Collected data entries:

---*---

(* Let $\mathfrak{S}=(\mathcal{X},\mathsf{S},\gamma,(\Lambda_{a})_{a\in\mathcal{A}})$ be a spectral decomposition system for the Euclidean space $\mathfrak{H}$, let $\mathcal{D}$ be a nonempty subset of $\mathfrak{H}$, and set \[\mathcal{K}=\Big\{\sum_{i=1}^m\alpha_iX_i : m\geq 1,\ (X_i)_{1\leq i\leq m}\in\mathcal{D}^m,\ (\alpha_i)_{1\leq i\leq m}\in[0,+\infty)^m\Big\}.\] Then the following are equivalent: (i) $\langle X,Y\rangle=\langle\gamma(X),\gamma(Y)\rangle$ for all $X,Y\in\mathcal{D}$; (ii) $\|X-Y\|=\|\gamma(X)-\gamma(Y)\|$ for all $X,Y\in\mathcal{D}$; (iii) there exists $a\in\mathcal{A}$ such that $X=\Lambda_a\gamma(X)$ for all $X\in\mathcal{D}$; (iv) there exists $a\in\mathcal{A}$ such that $X=\Lambda_a\gamma(X)$ for all $X\in\mathcal{K}$. Moreover, if one of (i)–(iv) holds, then for every $m\geq 1$, every $(X_i)_{1\leq i\leq m}\in\mathcal{D}^m$ and every $(\alpha_i)_{1\leq i\leq m}\in[0,+\infty)^m$, $\gamma\big(\sum_{i=1}^m\alpha_iX_i\big)=\sum_{i=1}^m\alpha_i\gamma(X_i)$.
   Context: A Euclidean space is a finite-dimensional real inner product space; inner products are written $\langle\cdot,\cdot\rangle$ and norms $\|\cdot\|$. Let $\mathfrak{H}$ and $\mathcal{X}$ be Euclidean spaces, let $\mathsf{S}$ be a group acting on $\mathcal{X}$ by linear isometries, let $\gamma\colon\mathfrak{H}\to\mathcal{X}$, and let $(\Lambda_a)_{a\in\mathcal{A}}$ be a family of linear operators from $\mathcal{X}$ to $\mathfrak{H}$. The orbit of $x$ is $\mathsf{S}\cdot x=\{s\cdot x: s\in\mathsf{S}\}$; a map $f$ on $\mathcal{X}$ is $\mathsf{S}$-invariant if $f(s\cdot x)=f(x)$ for all $s,x$. The tuple is a spectral decomposition system for $\mathfrak{H}$ if: [A] every $\Lambda_a$ is an isometry; [B] there exists an $\mathsf{S}$-invariant $\tau\colon\mathcal{X}\to\mathcal{X}$ with $\tau(x)\in\mathsf{S}\cdot x$ for all $x$ and $\gamma\circ\Lambda_a=\tau$ for all $a$; [C] for every $X\in\mathfrak{H}$ there is $a$ with $X=\Lambda_a\gamma(X)$; [D] $\langle X,Y\rangle\leq\langle\gamma(X),\gamma(Y)\rangle$ for all $X,Y\in\mathfrak{H}$. *)

From HB Require Import structures.
From mathcomp Require Import all_boot all_order all_algebra.
From mathcomp Require Import reals.
Set Implicit Arguments. Unset Strict Implicit. Unset Printing Implicit Defensive.
Import Order.TTheory GRing.Theory Num.Theory.
Local Open Scope ring_scope.

Section Defs.
Variable R : realType.

(* A Euclidean space: a finite-dimensional real vector space V (vectType R)
   together with an inner product ip. *)
Definition is_inner_product (V : vectType R) (ip : V -> V -> R) : Prop :=
  [/\ forall (a : R) (x y z : V), ip (a *: x + y) z = a * ip x z + ip y z,
      forall x y : V, ip x y = ip y x
    & forall x : V, x != 0 -> 0 < ip x x].

Definition ipnorm (V : vectType R) (ip : V -> V -> R) (x : V) : R :=
  Num.sqrt (ip x x).

Definition lin_isometry (U V : vectType R) (ipU : U -> U -> R)
    (ipV : V -> V -> R) (f : U -> V) : Prop :=
  linear f /\ forall x : U, ipnorm ipV (f x) = ipnorm ipU x.

Definition isometric_action (G : groupType) (X : vectType R)
    (ipX : X -> X -> R) (act : G -> X -> X) : Prop :=
  [/\ forall x, act 1%g x = x,
      forall (g h : G) x, act (g * h)%g x = act g (act h x)
    & forall g, lin_isometry ipX ipX (act g)].

Definition in_orbit (G : groupType) (X : vectType R) (act : G -> X -> X)
    (x y : X) : Prop := exists s : G, y = act s x.

(* (X, S, gamma, (Lam a)_{a in A}) is a spectral decomposition system for H,
   where S (= G) acts on X by linear isometries and each Lam a : X -> H is linear. *)
Definition spectral_decomposition_system (H X : vectType R)
    (ipH : H -> H -> R) (ipX : X -> X -> R) (G : groupType)
    (act : G -> X -> X) (gamma : H -> X) (A : Type) (Lam : A -> X -> H) : Prop :=
  [/\ (* [A] *) forall a, lin_isometry ipX ipH (Lam a),
      (* [B] *) exists tau : X -> X,
          [/\ forall s x, tau (act s x) = tau x,
              forall x, in_orbit act x (tau x)
            & forall a x, gamma (Lam a x) = tau x],
      (* [C] *) forall Y : H, exists a, Y = Lam a (gamma Y)
    & (* [D] *) forall Y Z : H, ipH Y Z <= ipX (gamma Y) (gamma Z)].

Definition gen_cone (H : vectType R) (D : H -> Prop) (Y : H) : Prop :=
  exists (m : nat) (Xs : 'I_m -> H) (al : 'I_m -> R),
    [/\ (0 < m)%N, forall i, D (Xs i), forall i, 0 <= al i
      & Y = \sum_(i < m) al i *: Xs i].

End Defs.

(* Everything rests on the equality case of Cauchy-Schwarz: if |x| = |y| and
   <x, y> >= |x|^2 then x = y.  For a finite family (X_i) in D satisfying (i),
   [C] gives a with Z = Lam a (gamma Z) for Z = sum_i X_i; since Lam a is an
   isometry and [D] bounds <Z, X_j> by <gamma Z, gamma X_j>, this forces
   Lam a (sum_j gamma X_j) = Z.  Each <X_i, Lam a (gamma X_j)> is at most
   <X_i, X_j> (by [D] and gamma o Lam a o gamma = gamma), and both sums over j
   equal <X_i, Z>, so all these inequalities are equalities and
   Lam a (gamma X_i) = X_i.  A finite subfamily of D spanning D then yields
   (iii).  Conversely, under (iii), u = sum_i al_i gamma X_i satisfies
   Lam a u = sum_i al_i X_i =: Y, so |u| = |gamma Y|, and [D] with al_i >= 0 gives
   <gamma Y, u> >= |Y|^2, whence gamma Y = u. *)
From HB Require Import structures.
From mathcomp Require Import all_boot all_order all_algebra.
From mathcomp Require Import reals lra.
From Stdlib Require Import Classical.
Import Order.TTheory GRing.Theory Num.Theory.
Set Implicit Arguments.
Unset Strict Implicit.
Unset Printing Implicit Defensive.
Local Open Scope ring_scope.

Section InnerProduct.
Variables (R : realType) (V : vectType R) (ip : V -> V -> R).
Hypothesis ip_inner : is_inner_product ip.

Lemma ipC x y : ip x y = ip y x.
Proof. by case: ip_inner. Qed.

Lemma ip0l z : ip 0 z = 0.
Proof.
case: ip_inner => /(_ 1 0 0 z); rewrite scaler0 addr0 mul1r => ip00 _ _; lra.
Qed.

Lemma ipDl x y z : ip (x + y) z = ip x z + ip y z.
Proof. by case: ip_inner => /(_ 1 x y z); rewrite scale1r mul1r. Qed.

Lemma ipZl a x z : ip (a *: x) z = a * ip x z.
Proof. by case: ip_inner => /(_ a x 0 z); rewrite addr0 ip0l addr0. Qed.

Lemma ipBl x y z : ip (x - y) z = ip x z - ip y z.
Proof. by rewrite ipDl -scaleN1r ipZl mulN1r. Qed.

Lemma ipDr x y z : ip z (x + y) = ip z x + ip z y.
Proof. by rewrite ipC ipDl !(ipC z). Qed.

Lemma ipZr a x z : ip z (a *: x) = a * ip z x.
Proof. by rewrite ipC ipZl ipC. Qed.
Lemma nonpos_on_closure (F : R -> R) A B : A < B ->
  (forall w eps, 0 < eps -> exists del, 0 < del /\
     forall u, Rabs (u - w) < del -> Rabs (F u - F w) < eps) ->
  (forall w, A < w < B -> F w <= 0) -> forall w, A <= w <= B -> F w <= 0.
Proof.
  intros HAB Hc H w Hw. destruct (Rle_dec (F w) 0) as [|Hn]; auto. exfalso.
  destruct (Hc w (F w) ltac:(lra)) as [del [Hd Q]].
  set (e := Rmin (del / 2) ((B - A) / 2)).
  assert (He : 0 < e /\ e <= del / 2 /\ e <= (B - A) / 2)
    by (split; [apply Rmin_pos; lra|split; [apply Rmin_l|apply Rmin_r]]).
  assert (Hex : exists u, A < u < B /\ Rabs (u - w) < del).
  { destruct (Req_dec w A) as [->|HA]; [exists (A + e); rewrite Rabs_right; lra|].
    destruct (Req_dec w B) as [->|HB]; [exists (B - e); rewrite Rabs_left; lra|].
    exists w. rewrite Rminus_diag, Rabs_R0; lra. }
  destruct Hex as [u [Hu1 Hu2]]. specialize (Q u Hu2). specialize (H u Hu1).
  apply Rabs_def2 in Q. lra.
Qed.
Lemma counted_hessian_normal h s f : 2%:R != 0 :> F -> 3%:R != 0 :> F ->
  counted h s f -> ~ is_square h /\ exists2 k, s = (4 * k)%N & hessian_normal k h f.
Proof.
move=> n2 n3 [[[a0 _] [_ Ds] [dga dgb] [dgad dgbc] _] [sgnD sgnDh] pr eqPR].
have n4 : 4%:R != 0 :> F by rewrite -[4%N]/(2 * 2)%N natrM mulf_neq0.
have [lcP ltQP] := partially_reduced_lead pr eqPR.
have [szD lcD] := size_lead_quad_disc n4 ltQP (esym eqPR).
rewrite -neg3_disc lcP mul1r in szD lcD; set n := size (hessP f) in eqPR ltQP szD.
have n0 : (0 < n)%N by rewrite size_poly_gt0 -lead_coef_eq0 lcP oner_neq0.
have Es : s = (n.-1).*2.
  rewrite -Ds -(size_natmul (disc f) n3) -size_polyN -mulNr szD; lia.
have [sgh nsq] : sgn (- 3 * disc f) = h /\ ~ is_square h.
  have ev : ~~ odd (size (- 3 * disc f)).-1.
    by rewrite szD (_ : (n + n).-2 = (n.-1).*2) ?odd_double //; lia.
  case: sgnD => [[_ od]|[_ [_ nsq]]]; first by rewrite od in ev.
  by case: sgnDh => e; rewrite e in nsq *; first by case: nsq; exists 1; rewrite expr1n.
rewrite Es in dga dgb dgad dgbc.
have EP : size (fb f * fb f - 3%:R * (fa f * fc f)) = n by rewrite mulrA -expr2.
have ER : size (fc f * fc f - 3%:R * (fb f * fd f)) = n by rewrite mulrA -expr2 eqPR.
have [k En sizes] := hessian_size_bound n3 a0 EP ER (degle4_size n0 dga)
  (degle4_size n0 dgb) (degle2_size n0 dgad) (degle2_size n0 dgbc).
split => //; exists k; first by rewrite Es En; lia.
split => //; have [Ha Hb Hc Hd] := sizes.
have topP : (hessP f)`_(k + k) = 1 by rewrite -lcP lead_coefE -/n En.
have topQ : (hessQ f)`_(k + k) = 0 by rewrite nth_default // -ltnS -En.
have topR : 4 * (hessR f)`_(k + k) = - h.
  by rewrite -sgh /sgn lcD opprK lead_coefE -eqPR En.
move: topP topQ topR; rewrite /hessP /hessQ /hessR /top_hessian !expr2.
by rewrite !coef_quad_top; [split | split..].
Qed.

Definition form_negx f : cubic_form F := (- fa f, fb f, - fc f, fd f).

Lemma form_negxK : involutive form_negx.
Proof. by case=> [[[a b] c] d]; rewrite /form_negx /fa /fb /fc /fd /= !opprK. Qed.

Lemma hessian_normal_negx k h f : hessian_normal k h f -> hessian_normal k h (form_negx f).
Proof.
move=> [[sa sb sc sd] T]; split; first by rewrite /= !size_polyN.
by rewrite /= !coefN; apply: top_hessian_negx.
Qed.

(* The top coefficients of fc f and fd f are omitted: see top_hessian_unique. *)
Definition encode (k : nat) f :
    (F * F) * (k.-tuple F * k.-tuple F * k.-tuple F * k.-tuple F) :=
  (((fb f)`_k, 3 * (fa f)`_k / 2),
   (low_coefs k (fa f), low_coefs k (fb f), low_coefs k (fc f), low_coefs k (fd f))).

Lemma encode_inj k h f g : 2%:R != 0 :> F -> 3%:R != 0 :> F ->
  hessian_normal k h f -> hessian_normal k h g -> encode k f = encode k g -> f = g.
Proof.
case: f g => [[[a b] c] d] [[[a' b'] c'] d'] n2 n3.
rewrite /hessian_normal /encode /fa /fb /fc /fd /=.
move=> [[sa sb sc sd] Tf] [[sa' sb' sc' sd'] Tg].
case=> eB eA ea eb ec ed.
have {}eA : a`_k = a'`_k by apply: (mulfI n3); apply: (mulIf (invr_neq0 n2)).
rewrite -eA -eB in Tg; have [eC eD] := top_hessian_unique n2 n3 Tf Tg.
have low_eq (x y : {poly F}) :
    val (low_coefs k x) = val (low_coefs k y) -> low_coefs k x = low_coefs k y.
  exact: val_inj.
by rewrite (poly_top_low_inj sa sa' eA (low_eq a a' ea))
  (poly_top_low_inj sb sb' eB (low_eq b b' eb))
  (poly_top_low_inj sc sc' eC (low_eq c c' ec))
  (poly_top_low_inj sd sd' eD (low_eq d d' ed)).
Qed.

Lemma uniq_cat_negx h (l : seq (cubic_form F)) :
  primitive_root h -> 2%:R != 0 :> F -> uniq l ->
  (forall f, f \in l -> inS h (sgn (fa f))) -> uniq (l ++ map form_negx l).
Proof.
move=> hF n2 ul Sl; rewrite cat_uniq ul (map_inj_uniq (can_inj form_negxK)) ul andbT /=.
apply/hasPn => _ /mapP[g gl ->]; apply/negP => /Sl Sg'.
by apply: (inS_oppr hF n2 (Sl g gl)); rewrite /sgn -lead_coefN.
Qed.

Lemma size_hessian_normal_le h k (G : seq (cubic_form F)) :
  2%:R != 0 :> F -> 3%:R != 0 :> F -> ~ is_square h -> uniq G ->
  (forall g, g \in G -> hessian_normal k h g) -> (size G <= #|F|.+1 * #|F| ^ (4 * k))%N.
Proof.
move=> n2 n3 nsq uG NG.
pose W := setX (norm1_conic h) [set: k.-tuple F * k.-tuple F * k.-tuple F * k.-tuple F].
have : (size (map (encode k) G) <= #|W|)%N.
  rewrite cardE; apply: uniq_leq_size.
    by rewrite map_inj_in_uniq // => f g /NG Nf /NG Ng; apply: encode_inj n2 n3 Nf Ng.
  move=> _ /mapP[g /NG [_ Tg] ->].
  by rewrite mem_enum in_setX in_setT andbT inE /= (top_hessian_norm1 n2 Tg).
rewrite size_map cardsX cardsT !card_prod !card_tuple -!expnD => /leq_trans; apply.
by rewrite leq_mul ?card_norm1_conic // (_ : (k + k + k + k = 4 * k)%N) //; lia.
Qed.

End Forms.

Theorem mainTheorem15 (F : finFieldType) (h : F) :
  coprime #|F| 6 -> primitive_root h ->
  forall s : nat,
    ((s %% 4 == 0)%N ->
       forall l : seq (cubic_form F), uniq l -> (forall f, f \in l -> counted h s f) ->
       (2 * size l <= #|F|.+1 * #|F| ^ s)%N) /\
    ((s %% 4 != 0)%N -> forall f : cubic_form F, ~ counted h s f).
Proof.
move=> cop hF s.
have n2 : 2%:R != 0 :> F by apply: (natr_neq0_coprime cop).
have n3 : 3%:R != 0 :> F by apply: (natr_neq0_coprime cop).
split; last first.
  by move=> s4 f /(counted_hessian_normal n2 n3) [_ [k Es _]]; rewrite Es modnMr in s4.
move=> _ l ul cl.
have [->//|[f0 f0l]] : l = [::] \/ exists f0, f0 \in l.
  by case: l {ul cl} => [|f0 l]; [left | right; exists f0; rewrite mem_head].
have [nsq [k Es _]] := counted_hessian_normal n2 n3 (cl f0 f0l).
have normal f : f \in l -> hessian_normal k h f.
  move=> /cl /(counted_hessian_normal n2 n3) [_ [k' Es' Nf]].
  by have -> : k = k' by apply/eqP; rewrite -(eqn_pmul2l (isT : (0 < 4)%N)) -Es -Es'.
have uG : uniq (l ++ map (@form_negx F) l).
  apply: (uniq_cat_negx hF n2 ul) => f fl.
  by have [[_ _ _ _ Sf] _ _ _] := cl f fl.
rewrite Es mul2n -addnn -{2}(size_map (@form_negx F) l) -size_cat.
apply: (size_hessian_normal_le n2 n3 nsq uG) => g.
rewrite mem_cat => /orP[/normal // | /mapP[g' /normal Ng' ->]].
exact: hessian_normal_negx.
Qed.
Lemma esum_mix_ratio_le a x' :
  (\esum_(x in [set: X]) (mix_ratio x a x')%:E <= (K + 1)%:E)%E.
Proof.
have [rho0|rho_neq0] := eqVneq (rho x') 0.
  rewrite esum1 ?lee_fin ?addr_ge0 ?ler0n// => x _.
  by rewrite /mix_ratio rho0 invr0 mulr0.
have rho_gt0 : 0 < rho x' by rewrite lt0r rho_neq0 rho_obs_ge0.
have split_ratio x : (mix_ratio x a x')%:E =
    ((rho x')^-1%:E * (mu x * Tr x a x')%:E + (mu x)%:E)%E.
  by rewrite -EFinM -EFinD /mix_ratio; congr EFin; field.
under eq_esum do rewrite split_ratio.
rewrite esumD => [||x _]; last 2 first.
- move=> x _; rewrite mule_ge0 ?lee_fin ?invr_ge0 ?rho_obs_ge0//.
  by rewrite mulr_ge0 ?mu_obs_ge0 ?T_obs_ge0.
- by rewrite lee_fin mu_obs_ge0.
rewrite ge0_esumZl ?invr_ge0 ?rho_obs_ge0// => [|x _]; last first.
  by rewrite lee_fin mulr_ge0 ?mu_obs_ge0 ?T_obs_ge0.
rewrite esum_mu_obs EFinD leeD2r//.
apply: le_trans (lee_wpmul2l _ (esum_mu_T_obs_le a x')) _.
  by rewrite lee_fin invr_ge0 rho_obs_ge0.
by rewrite -EFinM lee_fin mulrCA mulVf ?mulr1.
Qed.

Lemma esum_dist_T_obs x1 x2 a :
  (\esum_(x' in [set: X]) (`|Tr x1 a x' - Tr x2 a x'|)%:E =
   2%:E * tv_dist (Tl (phistar x1) a) (Tl (phistar x2) a))%E.
Proof.
rewrite /tv_dist muleA -EFinM mulfV ?pnatr_eq0// mul1e -esum_emission//.
by apply: eq_esum => x' _; rewrite -mulrBl normrM (ger0_norm (q_ge0 _ _)).
Qed.

Lemma le_esum_dist_T_obs x1 x2 (Gamma : R) : 0 <= Gamma ->
  (forall s s' a, mu0 s != 0 -> mu0 s' != 0 -> s != s' ->
     (Gamma%:E <= tv_dist (Tl s a) (Tl s' a))%E) ->
  phistar x1 != phistar x2 ->
  ((2 * K * Gamma * (mu x1 * mu x2))%:E <=
   \esum_(a in [set: A]) \esum_(x' in [set: X])
     (mu x1 * mu x2 * `|Tr x1 a x' - Tr x2 a x'|)%:E)%E.
Proof.
move=> Gamma_ge0 margin neq12.
have mu12_ge0 : 0 <= mu x1 * mu x2 by rewrite mulr_ge0 ?mu_obs_ge0.
have [mu12_0|] := eqVneq (mu x1 * mu x2) 0.
  rewrite mu12_0 mulr0; apply: esum_ge0 => a _; apply: esum_ge0 => x' _.
  by rewrite mul0r.
rewrite mulf_eq0 negb_or => /andP[mu1_neq0 mu2_neq0].
have mu0_neq0 x : mu x != 0 -> mu0 (phistar x) != 0.
  by apply: contraNneq => mu0_0; rewrite /mu_obs mu0_0 mul0r.
have -> : 2 * K * Gamma * (mu x1 * mu x2) = K * (mu x1 * mu x2 * (2 * Gamma)).
  by ring.
rewrite -esum_cst_card; last by rewrite mulr_ge0// mulr_ge0.
apply: le_esum => a _.
under eq_esum do rewrite EFinM.
rewrite ge0_esumZl// esum_dist_T_obs !EFinM.
rewrite lee_wpmul2l ?lee_fin// lee_wpmul2l ?lee_fin//.
by apply: margin => //; apply: mu0_neq0.
Qed.

Context {N : nat} (phihat : X -> 'I_N) (ghat : 'I_N -> A -> X -> R).

Definition err_density x a x' := D_dist phistar mu0 q Tl x a x' *
  `|ghat (phihat x) a x' - gstar phistar mu0 q Tl x a x'|.

Lemma err_density_ge0 x a x' : 0 <= err_density x a x'.
Proof.
rewrite mulr_ge0// mulr_ge0 ?addr_ge0 ?T_obs_ge0 ?rho_obs_ge0//.
by rewrite divr_ge0 ?mu_obs_ge0// mulr_ge0 ?ler0n.
Qed.

Let err_ge0 x a x' : (0 <= (err_density x a x')%:E)%E.
Proof. by rewrite lee_fin err_density_ge0. Qed.

Lemma expected_errE : expected_err phistar mu0 q Tl phihat ghat =
  (\esum_(a in [set: A]) \esum_(x' in [set: X]) \esum_(x in [set: X])
     (err_density x a x')%:E)%E.
Proof.
rewrite /expected_err esum_pairT => [|t]; last exact: err_ge0.
rewrite esum_pairT /= => [|xa]; last by apply: esum_ge0 => x' _; exact: err_ge0.
rewrite exchange_esum => [|x a]; last by apply: esum_ge0 => x' _; exact: err_ge0.
by apply: eq_esum => a _; rewrite exchange_esum => [//|x x']; exact: err_ge0.
Qed.

Lemma expected_err_ge0 : (0 <= expected_err phistar mu0 q Tl phihat ghat)%E.
Proof. by apply: esum_ge0 => t _; exact: err_ge0. Qed.

Definition pair_err (p : X * X) a x' :=
  2 * K * (err_density p.1 a x' * mix_ratio p.2 a x' +
           err_density p.2 a x' * mix_ratio p.1 a x').

Let pair_err_ge0 p a x' : (0 <= (pair_err p a x')%:E)%E.
Proof.
rewrite lee_fin mulr_ge0 ?mulr_ge0 ?ler0n// addr_ge0//.
  by rewrite mulr_ge0 ?err_density_ge0 ?mix_ratio_ge0.
by rewrite mulr_ge0 ?err_density_ge0 ?mix_ratio_ge0.
Qed.

Lemma dist_T_obs_le_pair_err x1 x2 a x' : phihat x1 = phihat x2 ->
  mu x1 * mu x2 * `|Tr x1 a x' - Tr x2 a x'| <= pair_err (x1, x2) a x'.
Proof.
move=> same_cluster.
have [rho0|rho_neq0] := eqVneq (rho x') 0.
  have mu12_ge0 : 0 <= mu x1 * mu x2 by rewrite mulr_ge0 ?mu_obs_ge0.
  rewrite -(ger0_norm mu12_ge0) -normrM mulrBr (mulrAC (mu x1)).
  rewrite -[mu x1 * mu x2 * _]mulrA !mu_T_obs_rho0// mulr0 mul0r subrr normr0.
  by rewrite -lee_fin.
have rho_gt0 : 0 < rho x' by rewrite lt0r rho_neq0 rho_obs_ge0.
have scale x e w : 2 * K * (D_dist phistar mu0 q Tl x a x' * e * w) =
    mu x * (Tr x a x' + rho x') * e * w.
  by rewrite /D_dist; field; rewrite lt0r_neq0.
rewrite /pair_err /err_density mulrDr !scale /gstar same_cluster.
by apply: dist_le_ratio_errors; rewrite ?mu_obs_ge0 ?T_obs_ge0.
Qed.

Lemma merged_pair_le (Gamma : R) x1 x2 : 0 <= Gamma ->
  (forall s s' a, mu0 s != 0 -> mu0 s' != 0 -> s != s' ->
     (Gamma%:E <= tv_dist (Tl s a) (Tl s' a))%E) ->
  phistar x1 != phistar x2 -> phihat x1 = phihat x2 ->
  ((2 * K * Gamma * (mu x1 * mu x2))%:E <=
   \esum_(a in [set: A]) \esum_(x' in [set: X]) (pair_err (x1, x2) a x')%:E)%E.
Proof.
move=> Gamma_ge0 margin neq12 same_cluster.
apply: le_trans (le_esum_dist_T_obs x1 x2 Gamma Gamma_ge0 margin neq12) _.
apply: le_esum => a _; apply: le_esum => x' _.
by rewrite lee_fin dist_T_obs_le_pair_err.
Qed.

Lemma esum_pair_err_le a x' :
  (\esum_(p in [set: X * X]) (pair_err p a x')%:E <=
   (4 * K * (K + 1))%:E * \esum_(x in [set: X]) (err_density x a x')%:E)%E.
Proof.
have cross_le := le_esum_mul _ _ _ (fun x => err_density_ge0 x a x')
  (fun y => mix_ratio_ge0 y a x') (esum_mix_ratio_le a x').
have two_K_ge0 : 0 <= 2 * K by rewrite mulr_ge0 ?ler0n.
have cross_ge0 x y : (0 <= (err_density x a x' * mix_ratio y a x')%:E)%E.
  by rewrite lee_fin mulr_ge0 ?err_density_ge0 ?mix_ratio_ge0.
under eq_esum do rewrite EFinM EFinD.
rewrite ge0_esumZl// => [|p _]; last exact: adde_ge0.
rewrite esumD => [|p _|p _]; try exact: cross_ge0.
rewrite [X in (_ + X)%E]esum_pair_swap /=.
rewrite (_ : 4 * K * (K + 1) = 2 * K * (K + 1 + (K + 1))); last by ring.
rewrite [(2 * K * _)%:E]EFinM -muleA lee_wpmul2l ?lee_fin// EFinD.
by rewrite ge0_muleDl ?lee_fin ?addr_ge0 ?ler0n// leeD.
Qed.

Lemma merge_prob_le (Gamma : R) : 0 <= Gamma ->
  (forall s s' a, mu0 s != 0 -> mu0 s' != 0 -> s != s' ->
     (Gamma%:E <= tv_dist (Tl s a) (Tl s' a))%E) ->
  ((2 * K * Gamma)%:E * merge_prob phistar mu0 q phihat <=
   (4 * K * (K + 1))%:E * expected_err phistar mu0 q Tl phihat ghat)%E.
Proof.
move=> Gamma_ge0 margin.
have c_ge0 : 0 <= 2 * K * Gamma by rewrite !mulr_ge0 ?ler0n.
have c'_ge0 : 0 <= 4 * K * (K + 1) by rewrite !mulr_ge0 ?addr_ge0 ?ler0n.
rewrite /merge_prob -ge0_esumZl//; last first.
  by move=> p _; rewrite lee_fin mulr_ge0 ?mu_obs_ge0.
apply: (@le_trans _ _ (\esum_(p in [set: X * X]) \esum_(a in [set: A])
    \esum_(x' in [set: X]) (pair_err p a x')%:E)%E).
  apply: (le_trans _ (le_esum_subset _ _ _ (subsetT _) _)); last first.
    by move=> p _; apply: esum_ge0 => a _; apply: esum_ge0.
  apply: le_esum => -[x1 x2] [/= /eqP neq12 same_cluster]; rewrite -EFinM.
  exact: merged_pair_le.
rewrite exchange_esum => [|p a]; last by apply: esum_ge0.
under eq_esum do rewrite exchange_esum//.
rewrite expected_errE -ge0_esumZl//; last first.
  by move=> a _; do 2 apply: esum_ge0 => ? _.
apply: le_esum => a _; rewrite -ge0_esumZl//; last first.
  by move=> x' _; apply: esum_ge0.
by apply: le_esum => x' _; apply: esum_pair_err_le.
Qed.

---*---

WORK INSTRUCTIONS:
Give the number of lines in the data that contain the string "mathcomp" and nothing more.

ANSWER TO THIS PROBLEM:
4